(Data extracted from a collection)
※ ※ ※

(* Under the standing setup (in either Scenario I or Scenario II), assume $0<h<\frac{1}{d_{\max}}$ and that the expected graph is strongly connected. Then the system $x(t_{k+1})=(I-hL_{\sigma_k})^{\bar k}x(t_k)$ reaches consensus almost surely: for every $x(0)\in\mathbb{R}^n$, $P\{\lim_{k\to\infty}(M(t_k)-m(t_k))=0\}=1$, where $M(t_k)=\max_i x_i(t_k)$ and $m(t_k)=\min_i x_i(t_k)$. The same conclusion holds for the limiting system $x(t_{k+1})=e^{-L_{\sigma_k}\Delta}x(t_k)$.
   Context: Standing setup. $n\ge3$ agents. $G$ is an undirected connected graph on $\{1,\dots,n\}$ with symmetric $0/1$ adjacency matrix $A=[a_{ij}]$ (zero diagonal), degrees $d_i=\sum_j a_{ij}$, $d_{\max}=\max_i d_i$, and Laplacian $L=\mathrm{diag}(d_1,\dots,d_n)-A$, with entries $l_{ij}$. For a (possibly directed) $0/1$ adjacency matrix $B$ ($b_{ij}=1$ meaning agent $i$ receives from agent $j$), its Laplacian is $\mathrm{diag}(B\mathbf{1})-B$. Scenario I (agents 1,2 may fail to receive): $A_1$ is $A$ with row 1 set to zero, $A_2$ is $A$ with row 2 set to zero, $A_3$ is $A$ with rows 1 and 2 set to zero, $A_4=A$. Scenario II (agents 1,2 may fail to send): same with columns instead of rows. $L_i$ is the Laplacian of $A_i$ (so $L_4=L$). Probabilities $p_1=\alpha,p_2=\beta,p_3=\gamma,p_4=\theta\in(0,1)$ with $\alpha+\beta+\gamma+\theta=1$. The expected graph is the directed graph with weighted adjacency matrix $\sum_{i=1}^4 p_iA_i$. Sampling period $h>0$, integer $\bar k\ge1$, $\Delta=\bar k h$, $t_k=k\Delta$. $\sigma_0,\sigma_1,\dots$ are i.i.d. random variables in $\{1,2,3,4\}$ with $P(\sigma_k=i)=p_i$ (the graph is held fixed on each interval of length $\Delta$, during which the delta-operator system $\delta x=-L_{\sigma_k}x$ with step $h$ is run $\bar k$ times). The initial state $x(t_0)=x(0)\in\mathbb{R}^n$ is deterministic. $\mathbf{1}$ is the all-ones column vector. *)

(* classical reals. Matrices are functions nat -> nat -> R,
   only entries with indices < n matter; agent i (1-based) is index i-1. *)
From Stdlib Require Import Reals Lra List Relations Factorial.
Import ListNotations.
Open Scope R_scope.

Definition mat := nat -> nat -> R.
Definition vec := nat -> R.

Fixpoint sumR (n : nat) (f : nat -> R) : R :=
  match n with O => 0 | S m => sumR m f + f m end.

Definition mat_id : mat := fun i j => if Nat.eq_dec i j then 1 else 0.
Definition mat_mul (n : nat) (A B : mat) : mat :=
  fun i j => sumR n (fun k => A i k * B k j).
Fixpoint mat_pow (n : nat) (A : mat) (k : nat) : mat :=
  match k with O => mat_id | S m => mat_mul n A (mat_pow n A m) end.
Definition mat_scale (c : R) (A : mat) : mat := fun i j => c * A i j.
Definition mat_sub (A B : mat) : mat := fun i j => A i j - B i j.
Definition mat_vec (n : nat) (A : mat) (x : vec) : vec :=
  fun i => sumR n (fun k => A i k * x k).

Definition laplacian (n : nat) (B : mat) : mat :=
  fun i j => (if Nat.eq_dec i j then sumR n (fun k => B i k) else 0) - B i j.

Definition degree (n : nat) (A : mat) (i : nat) : R := sumR n (fun k => A i k).
Definition vmax (n : nat) (x : vec) : R := fold_right Rmax (x 0%nat) (map x (seq 0 n)).
Definition vmin (n : nat) (x : vec) : R := fold_right Rmin (x 0%nat) (map x (seq 0 n)).
Definition dmax (n : nat) (A : mat) : R := vmax n (degree n A).

Definition simple_adj (n : nat) (A : mat) : Prop :=
  (forall i j, (i < n)%nat -> (j < n)%nat -> A i j = 0 \/ A i j = 1) /\
  (forall i j, (i < n)%nat -> (j < n)%nat -> A i j = A j i) /\
  (forall i, (i < n)%nat -> A i i = 0).
(* Let $\lambda=\sum_{i=1}^r m_i\omega_i\in P^+$. Then $V(\lambda)=\sum_{k_1,\dots,k_r\in\mathbb N,\ k_1\le m_1}\mathbf U(\mathfrak n^-_{r-1/2})(x^-_{1,r})^{k_1}\cdots(x^-_{r,r})^{k_r}v_\lambda$.
   Context: $\mathfrak g=\mathfrak{sp}_{2r}$: complex matrices $(a_{i,j})$, indices $1,\dots,r,-r,\dots,-1$, $a_{i,j}=-\mathrm{sgn}(i)\mathrm{sgn}(j)a_{-j,-i}$; $\mathfrak h$ spanned by $E_{i,i}-E_{-i,-i}$, dual basis $\varepsilon_i$; $\omega_i=\varepsilon_1+\dots+\varepsilon_i$, $P^+=\sum\mathbb N\omega_i$. Root vectors: $x^-_{i,j-1}=E_{j,i}-E_{-i,-j}$, $x^-_{i,\overline j}=E_{-j,i}+E_{-i,j}$ ($1\le i<j\le r$), $x^-_{i,\overline i}=E_{-i,i}$, and $x^-_{i,r}:=x^-_{i,\overline r}=E_{-r,i}+E_{-i,r}$ ($i<r$), $x^-_{r,r}=E_{-r,r}$. $\mathfrak n^-_{r-1/2}$ is the span of $x^-_{i,j}$ and $x^-_{i,\overline j}$ for $1\le i\le j<r$. $V(\lambda)$ is the irreducible finite-dimensional $\mathfrak g$-module of highest weight $\lambda$ (with respect to the Borel subalgebra spanned by $\mathfrak h$ and the matrices $x^+_{i,j-1}=E_{i,j}-E_{-j,-i}$, $x^+_{i,\overline j}=E_{i,-j}+E_{j,-i}$, $x^+_{i,\overline i}=E_{i,-i}$), with highest weight vector $v_\lambda$. *)

From HB Require Import structures.
From mathcomp Require Import all_boot all_order all_algebra.
From mathcomp Require Import complex.
From mathcomp Require Import reals Rstruct.
Set Implicit Arguments. Unset Strict Implicit. Unset Printing Implicit Defensive.
Import Order.TTheory GRing.Theory Num.Theory.
Local Open Scope ring_scope.

Definition CC : Type := complex Rdefinitions.R.
Check (CC : fieldType).

(* Indices 1,...,r,-r,...,-1 of sp_{2r} are encoded (as integers k) in the
   positions 0,...,2r-1 of a 2r x 2r matrix: k>0 |-> k-1, k<0 |-> 2r+k. *)
Definition ix (r : nat) (k : int) : nat :=
  if (0 < k)%R then (`|k|%N).-1 else (r.*2 - `|k|%N)%N.

Definition E (r : nat) (k l : int) : 'M[CC]_(r.*2) :=
  \matrix_(a < r.*2, b < r.*2) ((nat_of_ord a == ix r k) && (nat_of_ord b == ix r l))%:R.

Definition sgnp (r : nat) (p : 'I_(r.*2)) : CC := if (p < r)%N then 1 else -1.

(* sp_{2r}: a_{i,j} = - sgn(i) sgn(j) a_{-j,-i}; position of -i is rev_ord. *)
Definition is_sp (r : nat) (A : 'M[CC]_(r.*2)) : Prop :=
  forall p q : 'I_(r.*2), A p q = - (sgnp p * sgnp q) * A (rev_ord q) (rev_ord p).

Definition hcar (r i : nat) : 'M[CC]_(r.*2) := E r i i - E r (- i%:Z) (- i%:Z).

(* x^+_{i,j-1} = E_{i,j} - E_{-j,-i}  (1 <= i < j <= r) *)
Definition xp (r i j : nat) : 'M[CC]_(r.*2) := E r i j - E r (- j%:Z) (- i%:Z).
Definition xpbar (r i j : nat) : 'M[CC]_(r.*2) :=
  if i == j then E r i (- i%:Z) else E r i (- j%:Z) + E r j (- i%:Z).

(* x^-_{i,j-1} = E_{j,i} - E_{-i,-j}  (1 <= i < j <= r);  xm r i j = x^-_{i,j-1} *)
Definition xm (r i j : nat) : 'M[CC]_(r.*2) := E r j i - E r (- i%:Z) (- j%:Z).
Definition xmbar (r i j : nat) : 'M[CC]_(r.*2) :=
  if i == j then E r (- i%:Z) i else E r (- j%:Z) i + E r (- i%:Z) j.
(* x^-_{i,r} := x^-_{i,\bar r} *)
Definition xmr (r i : nat) : 'M[CC]_(r.*2) := xmbar r i r.

(* n^-_{r-1/2}: span of x^-_{i,j} and x^-_{i,\bar j}, 1 <= i <= j < r.
   x^-_{i,j} = xm r i j.+1. *)
Definition nminus_gen (r : nat) (Y : 'M[CC]_(r.*2)) : Prop :=
  exists i j : nat, [/\ (1 <= i)%N, (i <= j)%N, (j < r)%N &
                       (Y = xm r i j.+1 \/ Y = xmbar r i j)].

Definition in_span (T : lmodType CC) (S : T -> Prop) (x : T) : Prop :=
  exists (s : seq T) (c : seq CC),
    (forall y, y \in s -> S y) /\ x = \sum_(i < size s) c`_i *: s`_i.

Definition nminus (r : nat) (Y : 'M[CC]_(r.*2)) : Prop := in_span (@nminus_gen r) Y.

Definition is_rep (r n : nat) (rho : 'M[CC]_(r.*2) -> 'M[CC]_n) : Prop :=
  (forall (a : CC) X Y, is_sp X -> is_sp Y -> rho (a *: X + Y) = a *: rho X + rho Y) /\
  (forall X Y, is_sp X -> is_sp Y ->
     rho (X *m Y - Y *m X) = rho X *m rho Y - rho Y *m rho X).

Definition is_subspace (n : nat) (P : 'cV[CC]_n -> Prop) : Prop :=
  [/\ P 0, (forall u w, P u -> P w -> P (u + w)) & (forall (a : CC) u, P u -> P (a *: u))].

Definition irreducible_rep (r n : nat) (rho : 'M[CC]_(r.*2) -> 'M[CC]_n) : Prop :=
  (0 < n)%N /\
  forall P : 'cV[CC]_n -> Prop, is_subspace P ->
    (forall X w, is_sp X -> P w -> P (rho X *m w)) ->
    (exists w, P w /\ w <> 0) -> forall w, P w.
Definition options (cls : seq nat) (alts : seq (option (nat * nat))) v : seq nat :=
  nth 0 cls v :: (if nth None alts v is Some (x, y) then [:: x; y] else [::]).

Definition is_recoloring cls alts (col : seq nat) : bool :=
  [&& all (fun v => nth 0 col v \in options cls alts v) (iota 0 nv), proper_seq col &
      has (fun v => nth 0 col v != nth 0 cls v) (iota 0 nv)].

Fixpoint find_map A (s : seq nat) (F : nat -> option A) : option A :=
  if s is x :: s' then (if F x is Some r then Some r else find_map s' F) else None.

Fixpoint extend_recoloring (todo : seq (nat * nat * seq nat)) (fixed : seq (nat * nat))
    (changed : bool) : option (seq nat) :=
  match todo with
  | [::] => if changed then Some (rev (unzip2 fixed)) else None
  | (p, old, opts) :: todo' => find_map opts (fun x =>
      if has (fun pc => if eqn pc.2 x then ~~ eqn pc.1 p else false) fixed then None
      else extend_recoloring todo' ((p, x) :: fixed) (if changed then true else x != old))
  end.

(* An untrusted backtracking search; only its answer checked by
   [is_recoloring] is relied upon. *)
Definition found_recoloring cls alts : bool :=
  if extend_recoloring [seq (part v, nth 0 cls v, options cls alts v) | v <- iota 0 nv] [::] false
    is Some col then is_recoloring cls alts col else false.

Definition alt_choices (cls : seq nat) k : seq (nat * nat) :=
  let reps := [seq u <- iota 0 nv | (part u != part k) && (nth 0 cls u == u)] in
  [seq xy <- [seq (x, y) | x <- reps, y <- reps] | xy.1 < xy.2].
Lemma dbar_jet_signed I J d s1 s2 s3 :
  s1 ^+ 2 = 1 -> s2 ^+ 2 = 1 -> s3 ^+ 2 = 1 -> Npairs I J ->
  let K := omul I J in
  dbar_jet I J (signed s1 s2 s3 d) = div_part d + s1 *: omul I (sym_part d i1)
    + s2 *: omul J (sym_part d i2) + s3 *: omul K (sym_part d i3)
    + (s1 * s2) *: omul I (omul J (curl_part d i1 i2))
    + (s1 * s3) *: omul I (omul K (curl_part d i1 i3))
    + (s2 * s3) *: omul J (omul K (curl_part d i2 i3)).
Proof.
move=> s1_sign s2_sign s3_sign hN K.
by rewrite dbar_jet_decomp // div_part_signed // !sym_part_signed // !curl_part_signed // !omulZr.
Qed.

Lemma signed_dbar_jet_decoupled I J d : Npairs I J ->
  (forall s1 s2 s3, s1 ^+ 2 = 1 -> s2 ^+ 2 = 1 -> s3 ^+ 2 = 1 ->
     dbar_jet I J (signed s1 s2 s3 d) = 0) ->
  fueter_decoupled d.
Proof.
move=> hN H; have [II JJ KK _ _] := Npairs_units hN.
have [D0 S1 S2 S3 [C12 C13 C23]] := sign_expansion_eq0 (fun s1 s2 s3 h1 h2 h3 =>
  etrans (esym (dbar_jet_signed d h1 h2 h3 hN)) (H s1 s2 s3 h1 h2 h3)).
split=> //; [exact: omul_unit_inj II S1|exact: omul_unit_inj JJ S2|exact: omul_unit_inj KK S3|].
split; [exact/(omul_unit_inj JJ)/(omul_unit_inj II C12)
       |exact/(omul_unit_inj KK)/(omul_unit_inj II C13)
       |exact/(omul_unit_inj KK)/(omul_unit_inj JJ C23)].
Qed.

End SliceDirac.

Lemma exists_Npairs (R : realType) : exists I J : oct R, Npairs I J.
Proof.
exists (mko (mkq 0 1 0 0) 0), (mko (mkq 0 0 1 0) 0).
have c (a b c d : R) n : (n < 8)%N ->
    ocoord (mko (mkq a b c d) 0) n = [:: a; b; c; d; 0; 0; 0; 0]`_n.
  by case: n => [|[|[|[|[|[|[|[|//]]]]]]]] _; rewrite ocoord_mko //= ?qc_mkq ?qc0 ?inord4K.
split; [apply/SsphP|split; [apply/SsphP|]];
  rewrite /ore ?odotE ?big_ord_recr ?big_ord0 /= !c //=; (try split); ring.
Qed.

Section SliceFueterRegularity.
Variables (R : realType) (D : set (R * R)).
Hypothesis D_open : open D.

Lemma fueter_system_decoupled G v : stem_fun D G -> (forall w, Eset D w -> differentiable G w) ->
  fueter_system D G -> Eset D v -> fueter_decoupled (partials G v).
Proof.
move=> hG dG hfu Ev; have m : (-1 : R) ^+ 2 = 1 by rewrite sqrrN expr1n.
apply: fueter_eqs_decoupled; first exact: hfu.
by rewrite -(partials_sign_mx D_open hG dG m m m Ev); apply: hfu; rewrite Eset_sign_mx.
Qed.

Lemma regular_Dbar_eq0 f I J : (forall a b, D (a, b) -> D (a, - b)) ->
  slice_fueter_regular D f -> Npairs I J ->
  forall v, OmegaD D (emb I J v) -> Dbar I J f v = 0.
Proof.
move=> D_sym [G [hG [[dG _] [hf hfu]]]] hN v /(OmegaD_emb D_sym hN) Ev.
rewrite (DbarE D_open hf hN Ev (dG _ Ev)); apply: dbar_jet_eq0 hN _.
exact: fueter_system_decoupled hG dG hfu Ev.
Qed.

Lemma Dbar_eq0_fueter_system F f I J : stem_fun D F -> (forall w, Eset D w -> differentiable F w) ->
  induces D F f -> Npairs I J -> (forall v, OmegaD D (emb I J v) -> Dbar I J f v = 0) ->
  fueter_system D F.
Proof.
move=> hF dF hf hN HD v Ev; apply: (@fueter_decoupled_eqs _ (partials F v)).
apply: (signed_dbar_jet_decoupled hN) => s1 s2 s3 h1 h2 h3.
have EB : Eset D (sign_mx s1 s2 s3 *m v) by rewrite Eset_sign_mx.
rewrite -(partials_sign_mx D_open hF dF h1 h2 h3 Ev) -(DbarE D_open hf hN EB (dF _ EB)).
by apply: HD; apply: emb_OmegaD.
Qed.

End SliceFueterRegularity.

Theorem mainTheorem9 (R : realType) (D : set (R * R))
  (D_open : open D) (D_ne : D !=set0)
  (D_sym : forall a b, D (a, b) -> D (a, - b))
  (Om_conn : connected (OmegaD D))
  (F : 'cV[R]_4 -> 'M[R]_(4, 8)) (f : oct R -> oct R)
  (hF : stem_fun D F) (hC1 : C1_on D F) (hf : induces D F f) :
  slice_fueter_regular D f <->
  exists I J : oct R, Npairs I J /\
    (forall v : 'cV[R]_4, OmegaD D (emb I J v) -> Dbar I J f v = 0).
Proof.
split=> [reg | [I [J [hN HD]]]].
  have [I [J hN]] := exists_Npairs R.
  by exists I, J; split=> //; apply: regular_Dbar_eq0.
exists F; split=> //; split=> //; split=> //.
exact: Dbar_eq0_fueter_system hF hC1.1 hf hN HD.
Qed.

※ ※ ※

Where a line in the records above contains the string "induces", return that line.

  induces D F f -> Npairs I J -> (forall v, OmegaD D (emb I J v) -> Dbar I J f v = 0) ->
  (hF : stem_fun D F) (hC1 : C1_on D F) (hf : induces D F f) :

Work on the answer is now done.